Lemma free_module_of_basis n (b : 'I_n -> M) :
  gen_family b -> free_family b -> free_module M.
Proof.
move=> b_gen b_free; exists 'I_n, b; split.
  by move=> x; have [c ->] := b_gen x; exists (index_enum 'I_n), c.
move=> s c s_uniq s_rel j sj.
pose c' i := if i \in s then c i else 0.
suff /b_free/(_ j) : \sum_i c' i *: b i = 0 by rewrite /c' sj.
rewrite -[RHS]s_rel [RHS]big_uniq // [RHS]big_mkcond; apply: eq_bigr => i _.
by rewrite /c'; case: ifP => //; rewrite scale0r.
Qed.

Variable m : A -> Prop.
Hypothesis m_local : local_with_residue_field m.

Lemma residue_field_basis : qdim (@GRing.scale k A) m 1.
Proof.
exists (fun _ => 1); split.
  move=> a; have [c mac] := residue_lift m_local a.
  by exists (fun _ => c); rewrite /lcomb big_ord1.
move=> c; rewrite big_ord1 => m_c i; rewrite (ord1 i).
apply: contrapT => /eqP c0_neq0; apply: (max_ideal_neq1 m_local).
by have := idealZ (max_ideal m_local) (c 0)^-1 m_c; rewrite scalerA mulVf // scale1r.
Qed.

(* Nakayama's lemma applied to the [A]-span of [v]. *)
Lemma residue_basis_gen r (v : 'I_r -> M) : fin_gen_module M ->
  spanning_mod (@kscale k A M) (idealM m) v -> gen_family v.
Proof.
move=> [p [g g_gen]] v_span x; pose S y := exists c, y = \sum_i c i *: v i.
apply: (@nakayama k A m m_local M S _ _ _ _ p g).
- by exists (fun _ => 0); rewrite big1 // => i _; rewrite scale0r.
- move=> y z [c ->] [c' ->]; exists (fun i => c i + c' i).
  by rewrite -big_split; apply: eq_bigr => i _; rewrite scalerDl.
- move=> a y [c ->]; exists (fun i => a * c i).
  by rewrite scaler_sumr; apply: eq_bigr => i _; rewrite scalerA.
- move=> y; have [c [l [a [z [ma yc_eq]]]]] := v_span y.
  exists (lcomb (@kscale k A M) c v), l, a, z; split=> //.
    by exists (fun i => (c i)%:A).
  by rewrite -yc_eq addrC subrK.
- move=> y; have [c ->] := g_gen y; exists 0, c; split; last by rewrite add0r.
  by exists (fun _ => 0); rewrite big1 // => i _; rewrite scale0r.
Qed.

End FreeModules.

Section Main.
Variables (k : fieldType) (A : comAlgType k) (m : A -> Prop) (M : lmodType A).
Hypothesis m_local : local_with_residue_field m.

Definition tensor_dim_ratio := forall (n : nat) (I : A -> Prop), (0 < n)%N -> colength I n ->
  forall d r : nat, tensor_dim M I d -> tensor_dim M m r -> (d%:Q / n%:Q = r%:Q)%R.

(* The coefficients of a relation among the [v i], written in a [k]-basis of
   [A / I], give a relation modulo [I M] among the [n * r] products spanning
   [M / I M]; it is nontrivial as soon as some coefficient is outside [I]. *)
Lemma tensor_dim_lt_relation (I : A -> Prop) n r d (v : 'I_r -> M) (c : 'I_r -> A) i0 :
  is_ideal I -> gen_family v -> qdim (@GRing.scale k A) I n ->
  \sum_i c i *: v i = 0 -> ~ I (c i0) -> tensor_dim M I d -> (d < n * r)%N.
Proof.
move=> I_ideal v_gen [w [w_span _]] c_rel Ici0_out [u [_ u_free]].
have [cw Icw] := choice (fun i => w_span (c i)).
pose cvw (q : 'I_n * 'I_r) := cw q.2 q.1.
have IM_rel : idealM I (lcomb (@kscale k A M) cvw (fun q => w q.1 *: v q.2)).
  rewrite lcomb_tensor -[X in idealM I X]subr0 -[X in idealM I (_ - X)]c_rel -sumrB.
  apply: idealM_sum => i _; rewrite -scalerBl; apply: idealM_scale.
  by rewrite -opprB; apply: (idealN I_ideal).
have [a0 cw_a0] : exists a0, cw i0 a0 != 0.
  apply: contrapT => cw0; apply: Ici0_out; have := Icw i0.
  rewrite /lcomb big1 ?subr0 // => a _.
  have -> : cw i0 a = 0 by apply: contrapT => /eqP cwa; apply: cw0; exists a.
  by rewrite scale0r.
have := free_mod_card_lt_relation (lin_subspace_idealM M I)
  (tensor_spanning v_gen w_span) IM_rel (j0 := (a0, i0)) cw_a0 u_free.
by rewrite card_prod !card_ord.
Qed.

Lemma free_tensor_dim_ratio : free_module M -> fin_gen_module M -> tensor_dim_ratio.
Proof.
move=> M_free M_fg n I n_gt0 [I_ideal _ I_qdim] d r dI dm.
have [R [b [b_gen b_free]]] := free_module_finite_basis M_free M_fg.
apply/ratq_nat_eq => //.
have m_qdim := residue_field_basis m_local.
rewrite (tensor_dim_free b_gen b_free I_ideal I_qdim dI).
by rewrite (tensor_dim_free b_gen b_free (max_ideal m_local) m_qdim dm) mul1n mulnC.
Qed.

Lemma tensor_dim_ratio_free :
  noetherian A -> fin_gen_module M -> tensor_dim_ratio -> free_module M.
Proof.
move=> A_noeth M_fg ratio; have [p [g g_gen]] := M_fg.
have g_span : spanning_mod (@kscale k A M) (idealM m) g.
  move=> x; have [c ->] := g_gen x.
  have [cg m_cg] := choice (fun i => residue_lift m_local (c i)).
  exists cg; rewrite /lcomb -sumrB; apply: idealM_sum => i _.
  by rewrite /kscale -scalerBl; apply: idealM_scale.
have [r [v [v_span v_free]]] := ex_basis_mod (lin_subspace_idealM M m) g_span.
have v_gen := residue_basis_gen m_local M_fg v_span.
apply: (free_module_of_basis v_gen) => c c_rel i0; apply: contrapT => /eqP ci0_neq0.
have [Q Q_max] := ex_max_avoiding A_noeth ci0_neq0.
have [Q_ideal Qc_out _] := Q_max.
have Q1_out : ~ Q 1.
  by move=> Q1; apply: Qc_out; rewrite -[c i0]mulr1; case: Q_ideal => _ _; apply.
have [t mtQ] := max_avoiding_pow_max m_local A_noeth Q_max.
have [n n_gt0 Q_col] := colength_of_pow_sub m_local A_noeth Q_ideal mtQ Q1_out.
have [_ _ Q_qdim] := Q_col; have [w [w_span _]] := Q_qdim.
have [d [u [u_span u_free]]] :=
  ex_basis_mod (lin_subspace_idealM M Q) (tensor_spanning v_gen w_span).
have dQ : tensor_dim M Q d by exists u.
have := tensor_dim_lt_relation Q_ideal v_gen Q_qdim c_rel Qc_out dQ.
have dm : tensor_dim M m r by exists v.
by rewrite ((ratq_nat_eq _ _ n_gt0).1 (ratio n Q n_gt0 Q_col d r dQ dm)) mulnC ltnn.
Qed.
--------------------------------------------------
| Task goal |
Retype the entries above exactly, but only from the line containing "Lemma residue_field_basis : qdim" through the line containing "(* Nakayama's lemma", both included.

| Finished task |
Lemma residue_field_basis : qdim (@GRing.scale k A) m 1.
Proof.
exists (fun _ => 1); split.
  move=> a; have [c mac] := residue_lift m_local a.
  by exists (fun _ => c); rewrite /lcomb big_ord1.
move=> c; rewrite big_ord1 => m_c i; rewrite (ord1 i).
apply: contrapT => /eqP c0_neq0; apply: (max_ideal_neq1 m_local).
by have := idealZ (max_ideal m_local) (c 0)^-1 m_c; rewrite scalerA mulVf // scale1r.
Qed.

(* Nakayama's lemma applied to the [A]-span of [v]. *)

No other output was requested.